• _Problem_:
From the records below, print exactly the lines starting at the one containing "From HB Require Import structures." and ending at the one containing "forall g : G, exists n, g \in ball S n.", ends included, and nothing else.

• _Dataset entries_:
(* Let $G$ be a finitely generated group. Suppose there exist constants $\alpha,\beta>0$ such that every finite symmetric generating set $U$ of $G$ satisfies $|U^n|\geqslant(\alpha|U|)^{\beta n}$ for every $n\in\mathbb{N}$. Then either $G$ is finite with $|G|\leqslant1/\alpha$, or $G$ has uniform exponential growth.
   Context: For a finite generating set $S$, $B_S(n)$ is the ball of radius $n$ about the identity in the word metric of $S$, $\omega(G,S)=\lim_{n\to\infty}|B_S(n)|^{1/n}$, and $\omega(G)=\inf_S\omega(G,S)$ over finite generating sets; $G$ has uniform exponential growth if $\omega(G)>1$. $U^n=\{u_1\cdots u_n:u_i\in U\}$. *)

From HB Require Import structures.
From mathcomp Require Import all_boot all_order all_algebra.
From mathcomp Require Import monoid finmap.
From mathcomp Require Import all_classical all_reals all_analysis.
Set Implicit Arguments. Unset Strict Implicit. Unset Printing Implicit Defensive.
Import Order.TTheory GRing.Theory Num.Theory.

Local Open Scope fset_scope.

Section GroupGrowth.
Variable G : groupType.

Definition symmetrize (S : {fset G}) : {fset G} :=
  S `|` [fset (x^-1)%g | x in S].

Definition symmetric_set (U : {fset G}) : Prop :=
  forall u, u \in U -> (u^-1)%g \in U.

Fixpoint fset_pow (U : {fset G}) (n : nat) : {fset G} :=
  match n with
  | 0 => [fset 1%g]
  | n'.+1 => [fset (x * y)%g | x in fset_pow U n', y in U]
  end.

Definition ball (S : {fset G}) (n : nat) : {fset G} :=
  \big[fsetU/fset0]_(k < n.+1) fset_pow (symmetrize S) k.

Definition generates (S : {fset G}) : Prop :=
  forall g : G, exists n, g \in ball S n.

Definition finitely_generated : Prop := exists S : {fset G}, generates S.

• _Expected answer_:
From HB Require Import structures.
From mathcomp Require Import all_boot all_order all_algebra.
From mathcomp Require Import monoid finmap.
From mathcomp Require Import all_classical all_reals all_analysis.
Set Implicit Arguments. Unset Strict Implicit. Unset Printing Implicit Defensive.
Import Order.TTheory GRing.Theory Num.Theory.

Local Open Scope fset_scope.

Section GroupGrowth.
Variable G : groupType.

Definition symmetrize (S : {fset G}) : {fset G} :=
  S `|` [fset (x^-1)%g | x in S].

Definition symmetric_set (U : {fset G}) : Prop :=
  forall u, u \in U -> (u^-1)%g \in U.

Fixpoint fset_pow (U : {fset G}) (n : nat) : {fset G} :=
  match n with
  | 0 => [fset 1%g]
  | n'.+1 => [fset (x * y)%g | x in fset_pow U n', y in U]
  end.

Definition ball (S : {fset G}) (n : nat) : {fset G} :=
  \big[fsetU/fset0]_(k < n.+1) fset_pow (symmetrize S) k.

Definition generates (S : {fset G}) : Prop :=
  forall g : G, exists n, g \in ball S n.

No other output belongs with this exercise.